На главную На страницу седьмого семестра
— — — — — — — —
Мне достался белок с UNIPROT ID A0A5F5PPR1. Для данного белка нет структуры, поэтому я использовал protein blast для поиска ортологов. Наибольшим сходством обладает белок с UNIPROT ID Q9UBS5. Если посмотреть на выравнивание, то последовательности имеют лишь одно большое отличие (рис. 1).
Рис. 1. Различие в выравнивании.
Данная последовательность имеет много различных структур, покрывающих различное число остатков. К сожалению, есть лишь одна структура, покрывающая все области, в которых происходят мутации, но эта структура имеет разрешение 3.5 Å. Так что я решил использовать несколько структур, с лучшими показателями, но покрывающие не все мутации одновременно.
Для рассмотрения первых двух мутаций использовалась структура 4MS4.
Первой рассмотрим мутацию по положению 190, где заменяется тирозин на фенилаланин.
Рис. 2. Положение остатка тирозина 190 и его окружение. Жёлтым пунктиром показана предположительная водородная связь.
Как можно видеть, данный остаток тирозин способен образовывать водородную связь с окружением, а также вступать в стекинг (вокруг него много ароматических групп). Водородная связь при этом образуется с молекулой лиганда. При замене на фенилаланин остаток по прежнему сможет вступать в стекинг-взаимодействия, однако образование водородной связи больше не будет возможно. Такая замена вряд ли скажется на структуре белка, однако лиганд будет связываться заметно хуже, чем раньше (для связывания с белком останется только стекинг).
Рис. 3. Предсказание результата замены. Показатель strain равен 13.89.
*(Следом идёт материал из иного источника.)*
(* Let $n\ge 2$, $m\ge 1$, let $V=\{v_1,\dots,v_m\}\subset H$ be data points, where $H=\{x\in\mathbb{R}^n : x_1+\cdots+x_n=0\}$ is identified with the tropical projective torus $\mathbb{R}^n/\mathbb{R}\mathbf{1}_n$. Let $w_1,\dots,w_m$ be any positive real weights. Then the weighted Fermat–Weber set $$\mathrm{FW}(V,w)=\operatorname{argmin}_{x\in H}\sum_{i=1}^m w_i\, d_\Delta(x,v_i)$$ is contained in the min-tropical convex hull $\mathrm{tconv}(V)$. More precisely, $\mathrm{FW}(V,w)$ is a covector cell of $\mathrm{tconv}(V)$. Furthermore, for every covector cell $P$ of $\mathrm{tconv}(V)$ there exist positive real weights $w_1,\dots,w_m$ such that $\mathrm{FW}(V,w)=P$.
   Context: $\mathbf{1}_n$ is the all-ones vector in $\mathbb{R}^n$; every class in $\mathbb{R}^n/\mathbb{R}\mathbf{1}_n$ has a unique representative in $H$, and points are given by these representatives. Write $v_i=(v_{i1},\dots,v_{in})$. The asymmetric tropical distance is, for $x,y\in H$, $d_\Delta(x,y)=n\max_{j\in[n]}(x_j-y_j)$ (for arbitrary representatives in $\mathbb{R}^n$ it is $n\max_j(x_j-y_j)+\sum_j(y_j-x_j)$). The min-tropical convex hull is $\mathrm{tconv}(V)=\{\min(\lambda_1\mathbf{1}_n+v_1,\dots,\lambda_m\mathbf{1}_n+v_m) : \lambda\in\mathbb{R}^m\}$ (coordinatewise minimum), taken modulo $\mathbb{R}\mathbf{1}_n$ and represented in $H$. Covector decomposition: for $x\in H$ and $i\in[m]$ let $S_i(x)=\{j\in[n]: x_j-v_{ij}=\max_{k}(x_k-v_{ik})\}$. For a tuple $S=(S_1,\dots,S_m)$ of nonempty subsets of $[n]$ put $C_S=\{x\in H : S_i\subseteq S_i(x)\text{ for all } i\}$. The nonempty sets $C_S$ are closed polyhedra forming a polyhedral complex (the covector decomposition of $H$ induced by $V$, i.e. the subdivision induced by the max-tropical hyperplanes centered at $v_1,\dots,v_m$); its cells are called covector cells. The covector cells of $\mathrm{tconv}(V)$ are the bounded covector cells; their union is $\mathrm{tconv}(V)$. *)

From HB Require Import structures.
From mathcomp Require Import all_boot all_order all_algebra.
From mathcomp Require Import reals.
Set Implicit Arguments. Unset Strict Implicit. Unset Printing Implicit Defensive.
Import Order.TTheory GRing.Theory Num.Theory.
Local Open Scope ring_scope.

Section Trop.
Variable R : realType.

(* maximum / minimum of the finitely many values f j, j in [n]
   (seeded with the first value, so it is the true max/min when n > 0) *)
Definition vmax (n : nat) (f : 'I_n -> R) : R :=
  \big[Num.max/head 0 (map f (enum 'I_n))]_(j < n) f j.
Definition vmin (n : nat) (f : 'I_n -> R) : R :=
  \big[Num.min/head 0 (map f (enum 'I_n))]_(j < n) f j.

Definition inH (n : nat) (x : 'I_n -> R) : Prop := \sum_(j < n) x j = 0.

(* asymmetric tropical distance (formula valid for arbitrary representatives;
   for x, y in H it equals n * max_j (x_j - y_j)) *)
Definition dDelta (n : nat) (x y : 'I_n -> R) : R :=
  n%:R * vmax (fun j => x j - y j) + \sum_(j < n) (y j - x j).

Definition FWobj (n m : nat) (v : 'I_m -> 'I_n -> R) (w : 'I_m -> R)
  (x : 'I_n -> R) : R := \sum_(i < m) w i * dDelta x (v i).
Definition FW (n m : nat) (v : 'I_m -> 'I_n -> R) (w : 'I_m -> R)
  (x : 'I_n -> R) : Prop :=
  inH x /\ forall y, inH y -> FWobj v w x <= FWobj v w y.

(* min-tropical convex hull, taken modulo R1 and represented in H:
   x in H is in tconv(V) iff x = c 1 + min_i (lambda_i 1 + v_i) for some
   lambda in R^m and c in R. *)
Definition tconv (n m : nat) (v : 'I_m -> 'I_n -> R) (x : 'I_n -> R) : Prop :=
  inH x /\ exists (lam : 'I_m -> R) (c : R),
    forall j, x j = c + vmin (fun i => lam i + v i j).

(* covector cell C_S for a tuple S = (S_1,...,S_m) of subsets of [n]:
   x in H with S_i contained in S_i(x) = argmax_j (x_j - v_ij) for all i. *)
Definition Ccell (n m : nat) (v : 'I_m -> 'I_n -> R) (S : 'I_m -> {set 'I_n})
  (x : 'I_n -> R) : Prop :=
  inH x /\ forall i, forall j, j \in S i ->
    x j - v i j = vmax (fun k => x k - v i k).

(* S is a valid type (all S_i nonempty) and C_S is a (nonempty) covector cell
   which is bounded, i.e. a covector cell of tconv(V). *)
Definition is_bounded_cell (n m : nat) (v : 'I_m -> 'I_n -> R)
  (S : 'I_m -> {set 'I_n}) : Prop :=
  (forall i, S i != set0) /\
  (exists x, Ccell v S x) /\
  (exists B : R, forall x, Ccell v S x -> forall j, `|x j| <= B).

End Trop.

(* For z in H the objective is FWobj z = sum_i n w_i max_k (z_k - v_ik).  If y >= 0 has
   row sums n w_i and constant column sums, this equals
   sum_ij y_ij (max_k (z_k - v_ik) - (z_j - v_ij)) - sum_ij y_ij v_ij,
   a sum of nonnegative slacks minus a constant.  So as soon as one point of H has zero
   slack, the Fermat-Weber set is the set of points of H with zero slack, that is, the
   covector cell whose i-th type is the support of the i-th row of y.
   For given weights, such a y and such a point come from LP duality for
   min sum_i n w_i t_i - W sum_j x_j  subject to  x_j - t_i <= v_ij  (W the total weight),
   whose dual is a transport problem; LP duality is derived from Farkas' lemma, proved by
   Fourier-Motzkin elimination.  Every column of y is nonzero, which puts the cell inside
   tconv(V), and the cell is bounded because FW(V, w) is.
   Conversely, in a bounded cell every coordinate j belongs to some type S_i (otherwise z_j
   can be pushed to -oo inside the cell), so spreading a unit mass over the i with j in S_i
   gives a plan supported by S; its row sums divided by n are the weights. *)

From HB Require Import structures.
From mathcomp Require Import all_boot all_order all_algebra.
From mathcomp Require Import boolp reals.
From mathcomp Require Import ring lra.
Set Implicit Arguments. Unset Strict Implicit. Unset Printing Implicit Defensive.
Import Order.TTheory GRing.Theory Num.Theory.
Local Open Scope ring_scope.

Lemma sum_delta (R : pzSemiRingType) (I : finType) (p : I) (F : I -> R) :
  \sum_i (i == p)%:R * F i = F p.
Proof.
rewrite (bigD1 p) //= eqxx mul1r big1 ?addr0 // => i /negbTE ->.
by rewrite mul0r.
Qed.

Lemma sum_pair (R : nmodType) (I J : finType) (F : I * J -> R) :
  \sum_p F p = \sum_i \sum_j F (i, j).
Proof. by rewrite pair_bigA; apply: eq_bigr => -[]. Qed.

Lemma psumr_gt0 (R : numDomainType) (I : finType) (F : I -> R) (i0 : I) :
  (forall i, 0 <= F i) -> 0 < F i0 -> 0 < \sum_i F i.
Proof.
by move=> F_ge0 Fi0; rewrite (bigD1 i0) //= ltr_wpDr // sumr_ge0.
Qed.

Lemma psumr_gt0P (R : numDomainType) (I : finType) (F : I -> R) :
  (forall i, 0 <= F i) -> 0 < \sum_i F i -> exists i, 0 < F i.
Proof.
move=> F_ge0 sum_gt0; have [|i /andP[_ Fi]] := @psumr_neq0P _ _ predT F (fun i _ => F_ge0 i).
  by apply/eqP; rewrite gt_eqF.
by exists i.
Qed.

Section Farkas.
Variable R : realFieldType.

Section FourierMotzkin.
Variables (d : nat) (K : finType) (a : K -> 'I_d.+1 -> R) (b : K -> R).
Let al k := a k ord0.

(* Fourier-Motzkin elimination of the coordinate [ord0]. *)
Definition fm_mult (k' : K + K * K) (k : K) : R :=
  match k' with
  | inl p => if al p == 0 then (k == p)%:R else 0
  | inr (p, q) =>
      if (0 < al p) && (al q < 0) then - al q * (k == p)%:R + al p * (k == q)%:R
      else 0
  end.

Definition fm_row k' (j : 'I_d) := \sum_k fm_mult k' k * a k (lift ord0 j).
Definition fm_rhs k' := \sum_k fm_mult k' k * b k.

Lemma fm_mult_ge0 k' k : 0 <= fm_mult k' k.
Proof.
case: k' => [p|[p q]] /=; case: ifP => // /andP[? ?].
by rewrite addr_ge0 // mulr_ge0 // ?oppr_ge0 ltW.
Qed.

Lemma fm_multE k' (F : K -> R) : \sum_k fm_mult k' k * F k =
  match k' with
  | inl p => if al p == 0 then F p else 0
  | inr (p, q) => if (0 < al p) && (al q < 0) then - al q * F p + al p * F q else 0
  end.
Proof.
case: k' => [p|[p q]] /=; (case: ifP => _; last by rewrite big1 // => k _; rewrite mul0r).
  by rewrite sum_delta.
under eq_bigr do rewrite mulrDl -!mulrA.
by rewrite big_split /= -!mulr_sumr !sum_delta.
Qed.

Lemma fm_mult_elim k' : \sum_k fm_mult k' k * al k = 0.
Proof.
rewrite fm_multE; case: k' => [p|[p q]]; case: ifP => //; first by move/eqP.
by rewrite mulNr mulrC addNr.
Qed.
Как можно видеть, остаток хорошо вписывается в окружение, показатель strain низкий, единственное отличие – исчезновение водородной связи с лигандом.
Следующая мутация происходит в позиции 218, где триптофан меняется на гистидин.
Рис. 4. Положение остатка 218 и его окружения.
Даннй остаток не образует ни с кем водородные связи. Он способен только вступать в стекинг-взаимодействие с лигандом.
Рис. 5. Замена остатка на гистидин.
Как можно видеть, гистидин меньше по размерам, чем триптофан, поэтому он не вызывает никаких стерических затруднений. Также он способен вступать в стекинг с лигандом. Так что я считаю, что принципиальных изменений не произойдёт, если произойдёт данная мутация. Помимо этого PyMol рисует возможное возникновение новой водородной связи, однако я не вижу там возможностей для её образования, так что считаю это ошибкой программы.
Для рассмотрения третьей мутации использовалась структура 7C7S.
В качестве последней мутации рассмотрим замену 43 цистеина на серин.
Рис. 6. Окружение цистеина.
Как можно видеть, данный остаток цистеина образует дисульфидный мостик. Серин их образовывать неспособен, а значит структура белка будет сильно нарушена при замене.
Рис. 7. Замена цистеина на серин.
Дисульфидный мостик при такой замене разрушается, а новый остаток испытывает занчительные стерические затруднения (strain = 34.05). Такая замена окажет серьёзное влияние на белок.